Rebol2's AS-BINARY and AS-STRING provided a convenient aliasing between binary and string as Latin1 single-byte characters:
rebol2>> b: as-binary s: "hello"
== #{68656C6C6F}
rebol2>> append b #{68}
== #{68656C6C6F68}
rebol2>> s
== "helloh" ; binary mutation reflected in original string
rebol2>> append s "ello"
== "hellohello"
rebol2>> b
== #{68656C6C6F68656C6C6F}
That was lost when R3-Alpha's internal string format became too unpredictable (swinging between Latin1 and UCS2) and was only canonized as UTF-8 for I/O. Red suffered a similar fate.
But with UTF-8 Everywhere as the fixed internal format of strings, Ren-C has done some voodoo to bring it back.
It offers a more generic AS operation, along with higher-than-UCS2 codepoint support:
>> b: as binary! s: "hello"
== #{68656C6C6F}
>> to binary! "🐱"
== #{F09F90B1}
>> append b #{F09F90B1} ; add that high-codepoint cat!
== #{68656C6C6FF09F90B1}
>> s
== "hello🐱"
>> append s "hello🐱"
== "hello🐱hello🐱"
>> b
== #{68656C6C6FF09F90B168656C6C6FF09F90B1}
But a binary alias of a string is constrained to staying as valid UTF-8:
>> append b #{FEFEFEFE}
** Internal Error: invalid UTF-8 byte sequence found during decoding
You can actually alias WORD! as BINARY! also, without doing a separate allocation. But it will be read-only view, so all you're doing is saving on memory and GC load:
>> b: as binary! 'immutable-word
== #{696D6D757461626C652D776F7264}
>> append b #{1020}
** Access Error: series is source or permanently locked, can't modify
Similarly, you can alias words as strings...again without making a new allocation, but with the same read-only constraint:
>> t: as tag! 'append
== <append>
>> append t "nope"
** Access Error: series is source or permanently locked, can't modify
The /PART refinement has just been implemented for UTF-8
The controversial behavior can be discussed on issue #2096 (which you can discuss on that ticket). But what R3-Alpha and Red choose to (buggily) implement is that it applies to the target series only...and is thus measured in the units of that series:
>> append/part "abc" [100 "de" "fg"] 2
== "abc10" ; 2 string units, not "abc100de" from 2 block units
The argument is that COPY/PART on the source series gives you that form /PART if you need it, so this is "strictly more powerful". Rightly or wrongly... Ren-C is now doing it hopefully less buggily (though almost certainly with its own bugs), but with UTF-8 Everywhere support.

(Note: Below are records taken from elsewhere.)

Lemma fiber_hull_shift_space : shift_space fiber_hull.
Proof.
split.
  move=> w w_lim N; have [w' [w'hull ww']] := w_lim N.
  have [x [p [Xx [phix w'x]]]] := w'hull N.
  by exists x, p; split=> //; split=> // i iN; rewrite ww' ?w'x.
move=> w; split=> whull N; have [x [p [Xx [phix wx]]]] := whull N.+1.
  by exists x, (p + 1); split=> //; split=> // i iN;
    rewrite /shift wx /shiftZ; [congr x|]; lia.
exists x, (p - 1); split=> //; split=> // i iN.
by have := wx (i - 1); rewrite /shift Z.sub_add /shiftZ => ->; [congr x|]; lia.
Qed.

Lemma fiber_hull_sub : shift_space X -> forall w, fiber_hull w -> X w.
Proof.
move=> [Xclosed Xinv] w whull; apply: Xclosed => N.
have [x [p [Xx [_ wx]]]] := whull N.
by exists (shiftZ p x); split=> //; apply: shiftZ_invariant.
Qed.

Lemma fiber_hull_fiber (x : point A) : X x -> phi x = y -> fiber_hull x.
Proof. by move=> Xx phix N; exists x, 0; rewrite shiftZ0. Qed.

Lemma fiber_hull_nonwandering :
  (forall x1, X x1 -> phi x1 = y -> forall (n : nat) (D : Z),
    exists x t t', X x /\ phi x = y /\ t + D <= t' /\
      agree_on (shiftZ t x) x1 n /\ agree_on (shiftZ t' x) x1 n) ->
  nonwandering fiber_hull.
Proof.
move=> returns_twice u [w [i [whull occ]]].
have [x1 [p [Xx1 [phix1 wx1]]]] := whull (Z.to_nat (Z.abs i + Z.of_nat (size u))).
have occ1 : occurs_at x1 u (i + p).
  by apply/occurs_at_shiftZ; apply: occurs_at_agree_on wx1 _ occ; lia.
have [x [t [t' [Xx [phix [tt' [xtx1 xt'x1]]]]]]] :=
  returns_twice x1 Xx1 phix1 (Z.to_nat (Z.abs (i + p) + Z.of_nat (size u))) (Z.of_nat (size u)).
have occ_at s : agree_on (shiftZ s x) x1 (Z.to_nat (Z.abs (i + p) + Z.of_nat (size u))) ->
    occurs_at x u (i + p + s).
  move=> xsx1; apply/occurs_at_shiftZ.
  by apply: (occurs_at_agree_on (x := x1) _ _ occ1) => [j /xsx1 ->|]; last lia.
have [|v occ2] := occurs_at_twice _ (occ_at _ xtx1) (occ_at _ xt'x1); first lia.
by exists v, x, (i + p + t); split=> //; apply: fiber_hull_fiber.
Qed.

End FiberHull.

Theorem lemma3p2 (A B : finType) (X : pset A) (Y : pset B)
  (phi : point A -> point B) :
  sofic X -> sofic Y -> irreducible Y ->
  factor_code X Y phi -> finite_to_one X phi ->
  forall y, doubly_transitive Y y ->
  forall x, X x -> phi x = y -> Omega X x.
Proof.
move=> Xsofic _ _ phi_factor phi_fin y y_dt x Xx phix.
have [[X_shift _] _] := phi_factor.
exists (fiber_hull X phi y); split; first exact: fiber_hull_shift_space.
split; first exact: fiber_hull_sub.
split; last exact: fiber_hull_fiber.
apply: fiber_hull_nonwandering => x1 Xx1 phix1.
exact: fiber_return_twice Xsofic phi_factor phi_fin y y_dt x1 Xx1 phix1.
Qed.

If you like, you can limit how much of a binary you extract from UTF-8, counted in bytes:
>> to binary! "🐱"
== #{F09F90B1}
>> append/part #{} "🐱" 2 ; e.g. 2 bytes (half a cat)
== #{F09F}
Extracting bytes from UTF-8 will always work. Going the other way, not all binary strings are valid UTF-8. But as long as the number of characters you ask for in that section of the binary are valid, having other invalid bytes isn't a problem...only when you ask for part out of the unchecked region:
>> append/part "" #{F09F90B1F09F90B1FEFEFEFE} 2 ; e.g. 2 characters
== "🐱🐱"
>> append/part "" #{F09F90B1F09F90B1FEFEFEFE} 3
** Internal Error: invalid UTF-8 byte sequence found during decoding
If a binary is actually an alias of a UTF-8 string, this can be more efficient by not rescanning... (though the code is still in its early life yet, so it has a number of areas for improvement).
Pretty cool, eh?